Однако иногда настроение Анжелы менялось, и тогда ее напряженному и чувствительному уму мертвое спокойствие и отсутствие всяческих событий казалось похожим на тот зловещий миг, когда в тропических морях свирепый предвестник бури с воем уносился прочь, облаченный в рваные клочья пены. Затем наступает затишье, на какое-то время даже появляется голубое небо; паруса тоскливо хлопают о мачту, и судно качается по инерции, еще помня неистовства прошлого шторма, а крик морской птицы слышен с неестественной ясностью, ибо в воздухе нет ни звука, ни движения. Тишина становится все гуще, и волны почти перестают колыхаться; но опытный моряк знает, что через мгновение на него с внезапным ревом набросятся армии ветров и волн, и что близится борьба за жизнь.
Подобные страхи, однако, не часто овладевали ею, так как, в отличие от Артура, она от природы была полна надежд, а когда это все же случалось, мистер Фрейзер находил способ утешить ее. Но вскоре все изменилось.
Однажды днем — это был сочельник — Анжела отправилась в деревню, чтобы повидать Пиготт, уютно обосновавшуюся в доме, оставленном ей давно умершим мужем. Это был унылый декабрьский день, сырой, неприятный — скорее, призрак дня — и все небо было затянуто облаками, в то время как поверхность земли была окутана туманом. Дождь и снег падали бесшумно по очереди; действительно, единственным громким звуком в воздухе был звук капель воды, падающих с ветвей деревьев на мертвую листву, устилавшую землю. Пейзаж был до крайности меланхолический. Пока Анжела гостила в доме своей старой няньки, пошел настоящий снег, он шел в течение часа или около того, а затем прекратился, и когда девушка открыла дверь, оказалось, что туман восстановил свое господство, и теперь снег тает.
— Ну, мисс, поспешите-ка домой, иначе будет совсем темно. Не пройтись ли мне немного с вами?
— Нет, спасибо, Пиготт. Я не боюсь темноты и знаю все тропинки в этих краях. Спокойной ночи, моя дорогая.
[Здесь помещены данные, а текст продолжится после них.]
From Stdlib Require Import List Arith Lia Classical FinFun.
Import ListNotations.

(* The matroid is the direct sum of n copies of a "pinched fan": vertices 0, 1, 2, ... on
   a ray, spines [Spine c k] from k to k+1, and rungs [Rung c i] from i to a root that is
   identified with the end of the ray.  Its circuits are the finite cycles (two rungs and the
   spines between them) and the infinite ones (a rung and the spine ray beyond it); the
   finitarization keeps only the former.  If F contains B, every x in F \ B closes an
   infinite circuit with B, and two such elements in one copy would give F a finite circuit,
   so |F \ B| <= n.  Conversely, all spines in k copies and all rungs in the others form a
   base that becomes a finitary base by adding one rung in each of those k copies, so
   Spec = {0, ..., n}. *)

Lemma least_witness (P : nat -> Prop) :
  (exists k, P k) -> exists g, P g /\ forall k, P k -> g <= k.
Proof.
  intros Hex.
  destruct (dec_inh_nat_subset_has_unique_least_element P (fun k => classic (P k)) Hex)
    as [g [Hg _]].
  exists g. exact Hg.
Qed.

Lemma first_failure (P : nat -> Prop) p :
  (exists k, p <= k /\ ~ P k) ->
  exists g, p <= g /\ ~ P g /\ forall k, p <= k < g -> P k.
Proof.
  intros Hex. destruct (least_witness _ Hex) as [g [[Hpg Hg] Hmin]].
  exists g. split; [exact Hpg | split; [exact Hg |]].
  intros k Hk. apply NNPP. intro Hnk. specialize (Hmin k (conj (proj1 Hk) Hnk)). lia.
Qed.

Lemma iff_between (P : nat -> Prop) p q :
  (forall k, p <= k < q \/ q <= k < p -> (P k <-> P (S k))) -> (P p <-> P q).
Proof.
  assert (Hup : forall lo d, (forall k, lo <= k < lo + d -> (P k <-> P (S k))) ->
                             (P lo <-> P (lo + d))).
  { intros lo d. induction d as [|d IH]; intros Hstep.
    - rewrite Nat.add_0_r. reflexivity.
    - rewrite Nat.add_succ_r, <- (Hstep (lo + d)) by lia.
      apply IH. intros k Hk. apply Hstep. lia. }
  intros Hstep. destruct (le_ge_dec p q).
  - replace q with (p + (q - p)) by lia. apply Hup. intros k Hk. apply Hstep. lia.
  - replace p with (q + (p - q)) by lia. symmetry. apply Hup. intros k Hk. apply Hstep. lia.
Qed.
Мрачность этого вечера угнетала ее, и девушка решила пойти навестить мистера Фрейзера, вместо того чтобы сразу вернуться в свой одинокий дом. Решив так и свернув с главной дороги, которая шла через Рютем, Братем и Айлворт в Роксем, Анжела свернула на узкую проселочную дорогу, ведущую к берегу озера. Едва она это сделала, как услышала приглушенный топот копыт быстро бегущей лошади, сопровождаемый слабым скрипом колес экипажа по снегу. Когда она машинально обернулась, чтобы посмотреть, кто это так быстро едет, порыв ветра разогнал клочья тумана, и девушка увидела великолепного чистокровного рысака, влекущего за собой открытую коляску со скоростью по меньшей мере миль двенадцать в час. Но, каким бы быстрым ни был конский шаг, Анжела сразу узнала леди Беллами, закутанную в меха; ее смуглое суровое лицо смотрело прямо перед собой, как будто даже туман не мог быть помехой ее зрению. В следующую секунду темнота сомкнулась за коляской, и звук копыт стал удаляться в направлении Айлворта.
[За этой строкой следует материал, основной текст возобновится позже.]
(* For every $\varepsilon>0$ there is a constant $C_\varepsilon>0$ such that for every positive integer $n$ with $s=\omega(n)\ge 2$, \[ d(n)\le C_\varepsilon\left(\frac{(2+\varepsilon)\log n}{s\log s}\right)^{s}. \]
   Context: $d(n)$ is the number of positive divisors of $n$; $\omega(n)$ is the number of distinct prime factors of $n$. *)

From Stdlib Require Import Reals Arith List Lia Bool.
Import ListNotations.
Local Open Scope bool_scope.

Definition ndivisors (n : nat) : nat :=
  length (filter (fun k => Nat.eqb (Nat.modulo n k) 0) (seq 1 n)).

Definition primeb (p : nat) : bool :=
  Nat.leb 2 p &&
  forallb (fun k => negb (Nat.eqb (Nat.modulo p k) 0)) (seq 2 (p - 2)).

Definition omega (n : nat) : nat :=
  length (filter (fun p => primeb p && Nat.eqb (Nat.modulo n p) 0) (seq 1 n)).

Example ndiv12 : ndivisors 12 = 6%nat. Proof. reflexivity. Qed.
Example om60 : omega 60 = 3%nat. Proof. reflexivity. Qed.
Example om1 : omega 1 = 0%nat. Proof. reflexivity. Qed.

From Stdlib Require Import Reals Lra Lia List Sorted.
From mathcomp Require all_boot zify.

(* Write n = prod_{i<=s} p_i^(a_i) with p_1 < ... < p_s.  Then
   (1) since a + 1 <= 2a, AM-GM applied to the numbers a_i ln p_i, whose sum is ln n,
       gives  d(n) * prod_i ln p_i <= (2 ln n / s)^s;
   (2) since p_i >= i + 1,  prod_i ln p_i >= prod_{k=2}^{s+1} ln k;
   (3) for every q > 1,  (ln s)^s <= C q^s prod_{k=2}^{s+1} ln k,  because the ratio of
       the two sides is multiplied by at most e^(1/ln s) / q <= 1 when s grows by one,
       once s is large.
   Chaining the three with q = 1 + eps/2 yields the theorem. *)

Definition prodN (f : nat -> nat) (l : list nat) : nat :=
  fold_right (fun x acc => (f x * acc)%nat) 1%nat l.

Module PrimeFactorization.
Import all_boot zify.
Local Open Scope nat_scope.

Lemma seq_iota a b : List.seq a b = iota a b.
Proof. by elim: b a => //= b IH a; rewrite IH. Qed.

Lemma filter_filter (f : nat -> bool) (l : seq nat) : List.filter f l = filter f l.
Proof. by elim: l => //= x l ->. Qed.

Lemma modulo_modn n k : Nat.modulo n k = n %% k.
Proof.
case: k => [|k]; first by rewrite modn0 Nat.mod_0_r.
symmetry; apply: (Nat.mod_unique n k.+1 (n %/ k.+1)); first by apply/ltP; rewrite ltn_pmod.
by rewrite {1}(divn_eq n k.+1) mulnC.
Qed.

Lemma eqb_mod0_dvdn n k : Nat.eqb (Nat.modulo n k) 0 = (k %| n).
Proof. by rewrite modulo_modn /dvdn; case: (n %% k). Qed.

Lemma expn_pow m k : m ^ k = Nat.pow m k.
Proof. by elim: k => //= k IH; rewrite expnS IH. Qed.

Lemma prodN_big (f : nat -> nat) (l : seq nat) : prodN f l = \prod_(x <- l) f x.
Proof. by elim: l => [|x l IH]; rewrite ?big_nil // big_cons -IH. Qed.

Lemma Forall_of_mem (P : nat -> Prop) (l : seq nat) :
  (forall x, x \in l -> P x) -> List.Forall P l.
Proof.
elim: l => [|x l IH] Hl; constructor; first by apply: Hl; rewrite mem_head.
by apply: IH => y yl; apply: Hl; rewrite inE yl orbT.
Qed.

Lemma StronglySorted_of_sorted (l : seq nat) : sorted ltn l -> StronglySorted lt l.
Proof.
elim: l => [|x l IH] /= xl; constructor; first exact: IH (path_sorted xl).
by apply: Forall_of_mem => y yl; apply/ltP; apply: (allP (order_path_min ltn_trans xl)).
Qed.

Lemma ndivisors_size n : ndivisors n = size [seq d <- iota 1 n | d %| n].
Proof.
rewrite /ndivisors seq_iota filter_filter; congr size; apply: eq_filter => k.
exact: eqb_mod0_dvdn.
Qed.

Lemma primeb_prime p : primeb p = prime p.
Proof.
rewrite /primeb seq_iota.
have -> : Nat.leb 2 p = (1 < p) by apply/Nat.leb_spec0/leP.
have -> : forallb (fun k => negb (Nat.eqb (Nat.modulo p k) 0)) (iota 2 (p - 2))
        = all (fun k => ~~ (k %| p)) (iota 2 (p - 2)).
  by elim: (iota 2 (p - 2)) => //= k l ->; rewrite eqb_mod0_dvdn.
apply/andP/idP => [[p_gt1 /allP nodiv]|p_prime].
  apply/primeP; split=> // d d_dvd; apply/contraT; rewrite negb_or => /andP[d_ne1 d_nep].
  have d_le : d <= p by apply: dvdn_leq (ltnW p_gt1) d_dvd.
  have d_gt0 : 0 < d by apply: dvdn_gt0 d_dvd; apply: ltnW.
  move: (nodiv d); rewrite mem_iota d_dvd /=; apply; lia.
split; first exact: prime_gt1.
apply/allP => k; rewrite mem_iota => k_range; apply/negP => k_dvd.
by case/primeP: p_prime => _ /(_ k k_dvd) /orP[] /eqP k_eq; lia.
Qed.

Lemma omega_size n : 0 < n -> omega n = size (primes n).
Proof.
move=> n_gt0; rewrite /omega seq_iota filter_filter.
apply: perm_size; apply: uniq_perm; [exact: filter_uniq (iota_uniq _ _)|exact: primes_uniq|].
move=> p; rewrite mem_filter mem_iota mem_primes primeb_prime eqb_mod0_dvdn n_gt0 /=.
case p_prime: (prime p); case p_dvd: (p %| n) => //=.
by rewrite prime_gt0 //= add1n ltnS dvdn_leq.
Qed.

Lemma size_add_divisors p e divs :
  size (PrimeDecompAux.add_divisors (p, e) divs) = e.+1 * size divs.
Proof.
rewrite /PrimeDecompAux.add_divisors; elim: e => [|e IH] /=; first by rewrite mul1n.
by rewrite size_merge size_cat size_map IH mulSn addnC.
Qed.

Lemma size_divisors n : size (divisors n) = \prod_(p <- primes n) (logn p n).+1.
Proof.
rewrite /divisors prime_decompE.
by elim: (primes n) => [|p l IH] /=; rewrite ?big_nil // big_cons size_add_divisors IH.
Qed.

Lemma ndivisors_prod n : 0 < n -> ndivisors n = \prod_(p <- primes n) (logn p n).+1.
Proof.
move=> n_gt0; rewrite ndivisors_size -size_divisors.
apply: perm_size; apply: uniq_perm; [exact: filter_uniq (iota_uniq _ _)|exact: divisors_uniq|].
move=> d; rewrite mem_filter mem_iota -dvdn_divisors //.
case d_dvd: (d %| n) => //=.
by rewrite (dvdn_gt0 n_gt0 d_dvd) add1n ltnS dvdn_leq.
Qed.

Lemma factorization n : 0 < n -> n = \prod_(p <- primes n) p ^ logn p n.
Proof. by move/prod_prime_decomp; rewrite prime_decompE big_map. Qed.

Lemma ndivisors_prodN n :
  (0 < n)%coq_nat -> ndivisors n = prodN (fun p => S (logn p n)) (primes n).
Proof. by move/ltP/ndivisors_prod; rewrite prodN_big. Qed.

Lemma omega_length n : (0 < n)%coq_nat -> omega n = length (primes n).
Proof. by move/ltP/omega_size. Qed.

Lemma factorization_prodN n :
  (0 < n)%coq_nat -> n = prodN (fun p => Nat.pow p (logn p n)) (primes n).
Proof.
move/ltP/factorization => {1}->; rewrite prodN_big.
by apply: eq_bigr => p _; apply: expn_pow.
Qed.

Lemma primes_exponents n :
  Forall (fun p => (2 <= p)%coq_nat /\ (1 <= logn p n)%coq_nat) (primes n).
Proof.
apply: Forall_of_mem => p p_in; split; apply/leP; last by rewrite logn_gt0.
by move: p_in; rewrite mem_primes => /andP[/prime_gt1].
Qed.

Lemma primes_sorted n : StronglySorted lt (primes n).
Proof. exact/StronglySorted_of_sorted/sorted_primes. Qed.
End PrimeFactorization.

Open Scope R_scope.

Definition prodR (f : nat -> R) (l : list nat) : R := fold_right (fun x acc => f x * acc) 1 l.
Definition sumR (f : nat -> R) (l : list nat) : R := fold_right (fun x acc => f x + acc) 0 l.

Lemma prodR_nil (f : nat -> R) : prodR f nil = 1.
Proof. reflexivity. Qed.

Lemma sumR_nil (f : nat -> R) : sumR f nil = 0.
Proof. reflexivity. Qed.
Анжела вздрогнула; темный и без того вечер, казалось, стал для нее еще темнее.
— Значит, она вернулась, — прошептала девушка. — Я чувствовала, что она вернулась. Она заставляет меня испытывать ужас…
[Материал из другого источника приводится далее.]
Lemma segment_near px py qx qy t e : 0 < e -> exists d, 0 < d /\ forall s, Rabs (s - t) < d ->
  Rabs ((px + s * (qx - px)) - (px + t * (qx - px))) < e /\
  Rabs ((py + s * (qy - py)) - (py + t * (qy - py))) < e.
Proof.
  intros He. set (L := Rabs (qx - px) + Rabs (qy - py) + 1).
  assert (HL : 0 < L) by (unfold L; pose proof (Rabs_pos (qx - px));
    pose proof (Rabs_pos (qy - py)); lra).
  exists (e / L). split; [apply Rdiv_lt_0_compat; lra|]. intros s Hs.
  replace (px + s * (qx - px) - (px + t * (qx - px))) with ((s - t) * (qx - px)) by ring.
  replace (py + s * (qy - py) - (py + t * (qy - py))) with ((s - t) * (qy - py)) by ring.
  rewrite !Rabs_mult.
  assert (Rabs (s - t) * L < e).
  { apply Rlt_le_trans with (e / L * L); [apply Rmult_lt_compat_r; auto| right; field; lra]. }
  unfold L in H. pose proof (Rabs_pos (s - t)). pose proof (Rabs_pos (qx - px)).
  pose proof (Rabs_pos (qy - py)). split; nra.
Qed.

Lemma segment_in_clopen (S A B : R -> R -> Prop) px py qx qy :
  open2 A -> open2 B ->
  (forall x y, S x y -> A x y \/ B x y) -> (forall x y, S x y -> A x y -> B x y -> False) ->
  (forall t, 0 <= t <= 1 -> S (px + t * (qx - px)) (py + t * (qy - py))) ->
  A px py -> A qx qy.
Proof.
  intros HA HB Hcov Hdis Hpath Hp.
  set (P := fun t => A (px + t * (qx - px)) (py + t * (qy - py))).
  assert (HP1 : P 1).
  { apply unit_interval_connected; unfold P.
    - rewrite !Rmult_0_l, !Rplus_0_r. exact Hp.
    - intros t Ht HAt. destruct (open2_square A _ _ HA HAt) as [e [He HeA]].
      destruct (segment_near px py qx qy t e He) as [d [Hd Hnear]].
      exists d. split; [exact Hd|]. intros s Hs Hst. apply HeA; apply Hnear; exact Hst.
    - intros t Ht HnA. destruct (Hcov _ _ (Hpath t Ht)) as [HAt|HBt]; [contradiction|].
      destruct (open2_square B _ _ HB HBt) as [e [He HeB]].
      destruct (segment_near px py qx qy t e He) as [d [Hd Hnear]].
      exists d. split; [exact Hd|]. intros s Hs Hst HAs.
      apply (Hdis _ _ (Hpath s Hs) HAs). apply HeB; apply Hnear; exact Hst. }
  unfold P in HP1. rewrite !Rmult_1_l in HP1.
  replace qx with (px + (qx - px)) by ring. replace qy with (py + (qy - py)) by ring. exact HP1.
Qed.

Lemma connected2_of_broken_paths (S : R -> R -> Prop) ox oy :
  S ox oy ->
  (forall qx qy, S qx qy -> exists mx my,
      (forall t, 0 <= t <= 1 -> S (ox + t * (mx - ox)) (oy + t * (my - oy))) /\
      (forall t, 0 <= t <= 1 -> S (mx + t * (qx - mx)) (my + t * (qy - my)))) ->
  connected2 S.
Proof.
  intros Ho Hp [A [B [HA [HB [Hcov [Hdis [[ax [ay [Sa Aa]]] [bx [by_ [Sb Bb]]]]]]]]]].
  assert (Hreach : forall (A' B' : R -> R -> Prop), open2 A' -> open2 B' ->
     (forall x y, S x y -> A' x y \/ B' x y) -> (forall x y, S x y -> A' x y -> B' x y -> False) ->
     A' ox oy -> forall qx qy, S qx qy -> A' qx qy).
  { intros A' B' HA' HB' Hc Hd Ho' qx qy Hq. destruct (Hp qx qy Hq) as [mx [my [P1 P2]]].
    assert (A' mx my) by (apply (segment_in_clopen S A' B' ox oy mx my); auto).
    apply (segment_in_clopen S A' B' mx my qx qy); auto. }
  destruct (Hcov ox oy Ho) as [Ao|Bo].
  - apply (Hdis bx by_); auto. apply (Hreach A B); auto.
  - apply (Hdis ax ay); auto. apply (Hreach B A); auto.
    intros x y Hs; destruct (Hcov x y Hs); auto.
    intros x y Hs H1 H2; apply (Hdis x y); auto.
Qed.

Lemma sgn_pos u : 0 < u -> sgn u = 1.
Proof. intros H. unfold sgn. destruct (Rlt_dec 0 u); [auto| lra]. Qed.

Lemma sgn_neg u : u < 0 -> sgn u = -1.
Proof. intros H. unfold sgn. destruct (Rlt_dec 0 u); [lra|]. destruct (Rlt_dec u 0); [auto|lra]. Qed.

Lemma Rabs_lt_of_dist2_lt u v x y e : 0 < e -> (u - x) ^ 2 + (v - y) ^ 2 < e ^ 2 ->
  Rabs (u - x) < e /\ Rabs (v - y) < e.
Proof.
  intros He H. split; rewrite <- (Rabs_pos_eq e) by lra; apply Rsqr_lt_abs_0; unfold Rsqr.
  - pose proof (pow2_ge_0 (v - y)). nra.
  - pose proof (pow2_ge_0 (u - x)). nra.
Qed.

Section Solution.

Variables (f : R -> R) (delta : R).
Hypothesis Hrad : uniform_pseries_radius f delta.
Hypothesis Hfd : forall x, -1 <= x <= 0 -> Derive f x < 0.

(* D1 is the union of the squares above the open segment on which [Usol f] is positive. *)
Definition upper_domain (x y : R) : Prop :=
  0 < y /\ exists x0 rho, -1 < x0 < 1 /\ 0 < rho /\ rho <= delta /\
    -1 <= x0 - rho /\ x0 + rho <= 1 /\ Rabs (x - x0) < rho /\ y < rho /\
    (forall x' y', Rabs (x' - x0) < rho -> 0 < y' < rho -> 0 < Usol f x' y').

Definition full_domain (x y : R) : Prop := upper_domain x y \/ Seg x y \/ D2 x y.

Lemma upper_domain_inv x y : upper_domain x y -> 0 < y < delta /\ -1 < x < 1 /\ 0 < Usol f x y.
Proof.
  intros [Hy [x0 [rho [H1 [H2 [H3 [H4 [H5 [H6 [H7 H8]]]]]]]]]].
  apply Rabs_def2 in H6. repeat split; try lra. apply H8; [apply Rabs_def1|]; lra.
Qed.

Lemma Usol_pos_above_axis x0 : -1 < x0 < 1 -> exists rho, 0 < rho /\ rho <= delta /\
  -1 <= x0 - 2 * rho /\ x0 + 2 * rho <= 1 /\
  forall x y, Rabs (x - x0) < rho -> 0 < y < rho -> 0 < Usol f x y.
Proof.
  intros Hx0. destruct Hrad as [Hdel Hunif].
  destruct (Hunif ((x0 - 1) / 2) ltac:(lra)) as [c [a [r [Hps [Hc Hr]]]]].
  destruct (Usol_pos_near_axis f c a r delta x0 Hps Hc Hr Hdel (Hfd ((x0 - 1) / 2) ltac:(lra)))
    as [rho0 [Hr0 [Hr0d Hpos]]].
  set (rho := Rmin rho0 (Rmin ((1 - x0) / 2) ((1 + x0) / 2))).
  assert (rho <= rho0) by apply Rmin_l.
  assert (rho <= (1 - x0) / 2) by (eapply Rle_trans; [apply Rmin_r| apply Rmin_l]).
  assert (rho <= (1 + x0) / 2) by (eapply Rle_trans; [apply Rmin_r| apply Rmin_r]).
  assert (0 < rho) by (apply Rmin_pos; [|apply Rmin_pos]; lra).
  exists rho. repeat split; try lra. intros x y Hx Hy. apply Hpos; lra.
Qed.

Lemma open2_upper_domain : open2 upper_domain.
Proof.
  intros x y [Hy [x0 [rho [H1 [H2 [H3 [H4 [H5 [H6 [H7 H8]]]]]]]]]].
  set (e := Rmin (rho - Rabs (x - x0)) (Rmin y (rho - y))).
  assert (e <= rho - Rabs (x - x0)) by apply Rmin_l.
  assert (e <= y) by (eapply Rle_trans; [apply Rmin_r| apply Rmin_l]).
  assert (e <= rho - y) by (eapply Rle_trans; [apply Rmin_r| apply Rmin_r]).
  assert (He : 0 < e) by (apply Rmin_pos; [| apply Rmin_pos]; lra).
  exists e. split; [exact He|]. intros u v Huv.
  destruct (Rabs_lt_of_dist2_lt u v x y e He Huv) as [Hu Hv]. apply Rabs_def2 in Hv.
  split; [lra|]. exists x0, rho. repeat split; auto; try lra.
  replace (u - x0) with ((u - x) + (x - x0)) by ring.
  eapply Rle_lt_trans; [apply Rabs_triang| lra].
Qed.

Lemma open2_full_domain : open2 full_domain.
Proof.
  intros x y [HD|[[Hy Hx]|[Hy [H1 H2]]]].
  - destruct (open2_upper_domain x y HD) as [e [He Hb]].
    exists e. split; [auto|]. intros u v Huv. left. auto.
  - subst y. destruct (Usol_pos_above_axis x Hx) as [rho [Hr [Hrd [Hl1 [Hl2 Hpos]]]]].
    exists rho. split; [auto|]. intros u v Huv.
    destruct (Rabs_lt_of_dist2_lt u v x 0 rho Hr Huv) as [Hu Hv].
    rewrite Rminus_0_r in Hv. pose proof Hu as Hu'. apply Rabs_def2 in Hu'. apply Rabs_def2 in Hv.
    destruct (Rlt_le_dec 0 v) as [hv|hv]; [|destruct (Req_dec v 0) as [hv0|hv0]].
    + left. split; auto. exists x, rho. repeat split; auto; lra.
    + right; left. split; auto; lra.
    + right; right. split; [lra|split; lra].
  - set (e := Rmin (- y) (Rmin (y - (x - 1)) (y + x + 1)) / 2).
    assert (e <= - y / 2) by (apply Rmult_le_compat_r; [lra| apply Rmin_l]).
    assert (e <= (y - (x - 1)) / 2)
      by (apply Rmult_le_compat_r; [lra| eapply Rle_trans; [apply Rmin_r| apply Rmin_l]]).
    assert (e <= (y + x + 1) / 2)
      by (apply Rmult_le_compat_r; [lra| eapply Rle_trans; [apply Rmin_r| apply Rmin_r]]).
    assert (He : 0 < e) by (apply Rdiv_lt_0_compat; [apply Rmin_pos; [|apply Rmin_pos]|]; lra).
    exists e. split; [auto|]. intros u v Huv.
    destruct (Rabs_lt_of_dist2_lt u v x y e He Huv) as [Hu Hv].
    apply Rabs_def2 in Hu. apply Rabs_def2 in Hv.
    right; right. split; [lra| split; lra].
Qed.

(* Every point is joined to the origin by a vertical segment to the axis followed by a
   horizontal one (for D2, by the radius through the origin, D2 being star-shaped). *)
Lemma connected2_full_domain : connected2 full_domain.
Proof.
  apply (connected2_of_broken_paths _ 0 0). { right; left; split; auto; lra. }
  intros qx qy [HD|[[Hy Hx]|HD]].
  - pose proof (upper_domain_inv qx qy HD) as [[Hqy _] [Hqx _]].
    destruct HD as [_ [x0 [rho [H1 [H2 [H3 [H4 [H5 [H6 [H7 H8]]]]]]]]]].
    exists qx, 0. split.
    + intros t Ht. right; left. split; [ring|]. nra.
    + intros t Ht. destruct (Req_dec t 0) as [->|h].
      * right; left. split; [ring|]. replace (qx + 0 * (qx - qx)) with qx by ring. auto.
      * left. replace (qx + t * (qx - qx)) with qx by ring.
        replace (0 + t * (qy - 0)) with (t * qy) by ring.
        split; [nra|]. exists x0, rho. repeat split; auto; nra.
  - subst qy. exists qx, 0. split.
    + intros t Ht. right; left. split; [ring|]. nra.
    + intros t Ht. right; left. split; [ring|]. replace (qx + t * (qx - qx)) with qx by ring. auto.
  - destruct HD as [Hy [H1 H2]]. exists qx, qy. split.
    + intros t Ht. destruct (Req_dec t 0) as [->|h].
      * right; left. split; [ring|]. lra.
      * right; right. replace (0 + t * (qx - 0)) with (t * qx) by ring.
        replace (0 + t * (qy - 0)) with (t * qy) by ring. split; [nra|split; nra].
    + intros t Ht. right; right. replace (qx + t * (qx - qx)) with qx by ring.
      replace (qy + t * (qy - qy)) with qy by ring. split; auto.
Qed.

Lemma domain2_full_domain : domain2 full_domain.
Proof.
  split; [|split; [apply open2_full_domain | apply connected2_full_domain]].
  exists 0, 0. right; left. split; auto; lra.
Qed.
Продолжая свой путь, она подошла к тому месту, где дорога раздваивалась: одна тропинка вела к узкому мостику с перилами, перекинутому через ручей, питавший озеро, а другая — к каменным ступеням, спустившись по которым на тропинку с другой стороны, можно было срезать путь к дому священника. Мост и каменные ступени были не более чем в двадцати ярдах от нее, но Анжела была так поглощена своими мыслями и тем, как не споткнуться на камнях, что не заметила маленького человечка в красном плаще, который стоял, облокотившись на перила, и, по-видимому, о чем-то размышлял. Человечек, однако, заметил ее, потому что сильно вздрогнул и, по-видимому, хотел окликнуть ее, но передумал. Это был сэр Джон Беллами.